Scan the records below. Copy every line in which the word "match" appears.

(Records for processing)
┌──

(* Let $b\in L^1_{\mathrm{loc}}(\mathbb{R}^n)$. Suppose there is a constant $C_b$ such that every $h^1$ atom $a$ satisfies $$\Big|\int ab\Big|\le\min\Big\{C_b,\ \frac{C_b\log 2}{\log(1+r^{-1})}\Big\},$$ where $r$ is the radius of the ball containing the support of $a$. Then $b\in\mathrm{lmo}(\mathbb{R}^n)$, with $\|b\|_{\mathrm{lmo}}\lesssim C_b$.
   Context: An $h^1$ atom: a function $a$ supported in a ball $B(x_0,r)$ with $\|a\|_{L^2}\le|B(x_0,r)|^{-1/2}$ and $|\int a|\le[\log(1+r^{-1})]^{-1}$. For a ball $B$, $b_B=\frac1{|B|}\int_Bb$. $\mathrm{LMO}_{\mathrm{loc}}$: $b\in L^1_{\mathrm{loc}}$ with $\|b\|_{\mathrm{LMO}_{\mathrm{loc}}}:=\sup_{r(B)<1}\frac{\log(1+r(B)^{-1})}{|B|}\int_B|b-b_B|<\infty$. $\mathrm{lmo}(\mathbb{R}^n)$ is the set of $b$ with $\|b\|_{\mathrm{lmo}}:=\|b\|_{\mathrm{LMO}_{\mathrm{loc}}}+\sup_{r(B)\ge1}\frac1{|B|}\int_B|b|<\infty$ (this equals $\mathrm{LMO}_{\mathrm{loc}}\cap\mathrm{bmo}$). *)

From HB Require Import structures.
From mathcomp Require Import all_boot all_order all_algebra.
From mathcomp Require Import all_classical all_reals all_analysis.
Set Implicit Arguments. Unset Strict Implicit. Unset Printing Implicit Defensive.
Import Order.TTheory GRing.Theory Num.Theory.
Import numFieldNormedType.Exports.
Local Open Scope classical_set_scope.
Local Open Scope ring_scope.

(* Euclidean space R^(n.+1), built as the iterated product
   (((R * R) * R) * ... * R) with n.+1 factors, carrying the iterated
   product sigma-algebra of the Borel sets of R. *)
Fixpoint Rsp (R : realType) (n : nat) : {d : measure_display & measurableType d} :=
  match n with
  | 0 => existT (fun d => measurableType d) _ (measurableTypeR R : measurableType _)
  | m.+1 => existT (fun d => measurableType d) _
              (((projT2 (Rsp R m)) * (measurableTypeR R))%type : measurableType _)
  end.

Definition Rn (R : realType) (n : nat) : measurableType (projT1 (Rsp R n)) :=
  projT2 (Rsp R n).

Fixpoint leb (R : realType) (n : nat) : set (Rn R n) -> \bar R :=
  match n return set (Rn R n) -> \bar R with
  | 0 => @lebesgue_measure R
  | m.+1 => (@leb R m \x @lebesgue_measure R)%E
  end.

Fixpoint dist2 (R : realType) (n : nat) : Rn R n -> Rn R n -> R :=
  match n return Rn R n -> Rn R n -> R with
  | 0 => fun x y => (x - y) ^+ 2
  | m.+1 => fun x y => @dist2 R m x.1 y.1 + (x.2 - y.2) ^+ 2
  end.

Definition eball (R : realType) (n : nat) (x : Rn R n) (r : R) : set (Rn R n) :=
  [set y | Num.sqrt (dist2 x y) < r].

Definition vol (R : realType) (n : nat) (B : set (Rn R n)) : R := fine (@leb R n B).

Definition avg (R : realType) (n : nat) (B : set (Rn R n)) (b : Rn R n -> R) : R :=
  fine (\int[@leb R n]_(y in B) (b y)%:E)%E / vol B.

Definition loc_integrable_Rn (R : realType) (n : nat) (b : Rn R n -> R) : Prop :=
  forall (x : Rn R n) (r : R), 0 < r -> (@leb R n).-integrable (eball x r) (EFin \o b).

Definition h1_atom (R : realType) (n : nat) (a : Rn R n -> R) (x0 : Rn R n) (r : R) : Prop :=
  [/\ 0 < r,
      measurable_fun setT a,
      (forall y, ~ eball x0 r y -> a y = 0),
      (* ||a||_{L^2} <= |B|^{-1/2}, i.e. ||a||_{L^2}^2 <= |B|^{-1} *)
      (\int[@leb R n]_y ((a y) ^+ 2)%:E <= ((vol (eball x0 r))^-1)%:E)%E &
      `| fine (\int[@leb R n]_y (a y)%:E)%E | <= (ln (1 + r^-1))^-1 ].

Definition lmo_norm (R : realType) (n : nat) (b : Rn R n -> R) : \bar R :=
  (ereal_sup [set ((ln (1 + r^-1) / vol (eball x r)) *
                   fine (\int[@leb R n]_(y in eball x r) `|b y - avg (eball x r) b|%:E)%E)%:E
             | x in [set: Rn R n] & r in [set r : R | (0 < r < 1)%R]]
   + ereal_sup [set ((vol (eball x r))^-1 *
                   fine (\int[@leb R n]_(y in eball x r) `|b y|%:E)%E)%:E
             | x in [set: Rn R n] & r in [set r : R | (1 <= r)%R]])%E.

From HB Require Import structures.
From mathcomp Require Import all_boot all_order all_algebra.
From mathcomp Require Import all_classical all_reals all_analysis.
From mathcomp Require Import measurable_realfun.
From mathcomp.algebra_tactics Require Import ring lra.
Import Order.TTheory GRing.Theory Num.Theory.
Import numFieldNormedType.Exports.
Local Open Scope classical_set_scope.
Local Open Scope ring_scope.
Set Implicit Arguments. Unset Strict Implicit. Unset Printing Implicit Defensive.

(* Fix a ball B of measure V > 0 on which b is integrable.  For any measurable
   g with |g| <= 1 the "test function" a = g/V on B (and 0 outside) satisfies
   the L^2 normalisation int a^2 <= 1/V of an atom supported in B.
   - Large balls (r >= 1): ln(1 + 1/r) <= 1, so with g = sign b the test
     function is an atom, and int a b = (1/V) int_B |b| <= Cb.
   - Small balls (r < 1): with c the mean of b on B, f = sign (b - c) and
     m the mean of f, the choice g = (f - m)/2 has mean zero, so the test
     function is an atom whatever r is, and int a b = (1/2V) int_B |b - c|;
     the bound Cb ln 2 / ln(1 + 1/r) gives the LMO_loc estimate 2 ln 2 Cb. *)

Section test_functions.
Context d (T : measurableType d) (R : realType) (mu : {measure set T -> \bar R}).

Lemma bounded_of_norm_le (A : set T) (g : T -> R) (K : R) :
  (forall y, `|g y| <= K) -> [bounded g y | y in A].
Proof.
move=> gK; exists K; split; first exact: num_real.
by move=> M KM y _; apply: le_trans (gK y) (ltW KM).
Qed.

Lemma bounded_mul_integrable (D : set T) (g f : T -> R) (K : R) :
  measurable D -> measurable_fun D g -> (forall y, `|g y| <= K) ->
  mu.-integrable D (EFin \o f) -> mu.-integrable D (fun y => (g y * f y)%:E).
Proof.
move=> mD mg gK fi.
have := integrableMr mD mg (bounded_of_norm_le D gK) fi.
by apply: (eq_integrable mD) => y _ /=; rewrite EFinM.
Qed.

Lemma integrable_scale (D : set T) (h : T -> R) (k : R) : measurable D ->
  mu.-integrable D (EFin \o h) -> mu.-integrable D (EFin \o (fun y => k * h y)).
Proof.
by move=> mD hi; apply: eq_integrable (integrableZl mD k hi) => // y _ /=; rewrite EFinM.
Qed.

Lemma integrable_add (D : set T) (h1 h2 : T -> R) : measurable D ->
  mu.-integrable D (EFin \o h1) -> mu.-integrable D (EFin \o h2) ->
  mu.-integrable D (EFin \o (fun y => h1 y + h2 y)).
Proof.
by move=> mD i1 i2; apply: eq_integrable (integrableD mD i1 i2) => // y _ /=; rewrite EFinD.
Qed.

Lemma fine_measure_eq0_or_gt0 (A : set T) : fine (mu A) = 0 \/ 0 < fine (mu A).
Proof.
have := fine_ge0 (measure_ge0 mu A).
by rewrite le_eqVlt => /predU1P[<-|]; [left|right].
Qed.

Variables (B : set T) (mB : measurable B).
Let V := fine (mu B).
Hypothesis V_gt0 : 0 < V.

Let Vinv_ge0 : 0 <= V^-1.
Proof. by rewrite invr_ge0 ltW. Qed.

Lemma measure_finE : mu B = V%:E.
Proof.
move: V_gt0; rewrite /V; have := measure_ge0 mu B.
by case: (mu B) => [x| |] //=; rewrite ltxx.
Qed.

└──

(Your response)
  match n with
  match n return set (Rn R n) -> \bar R with
  match n return Rn R n -> Rn R n -> R with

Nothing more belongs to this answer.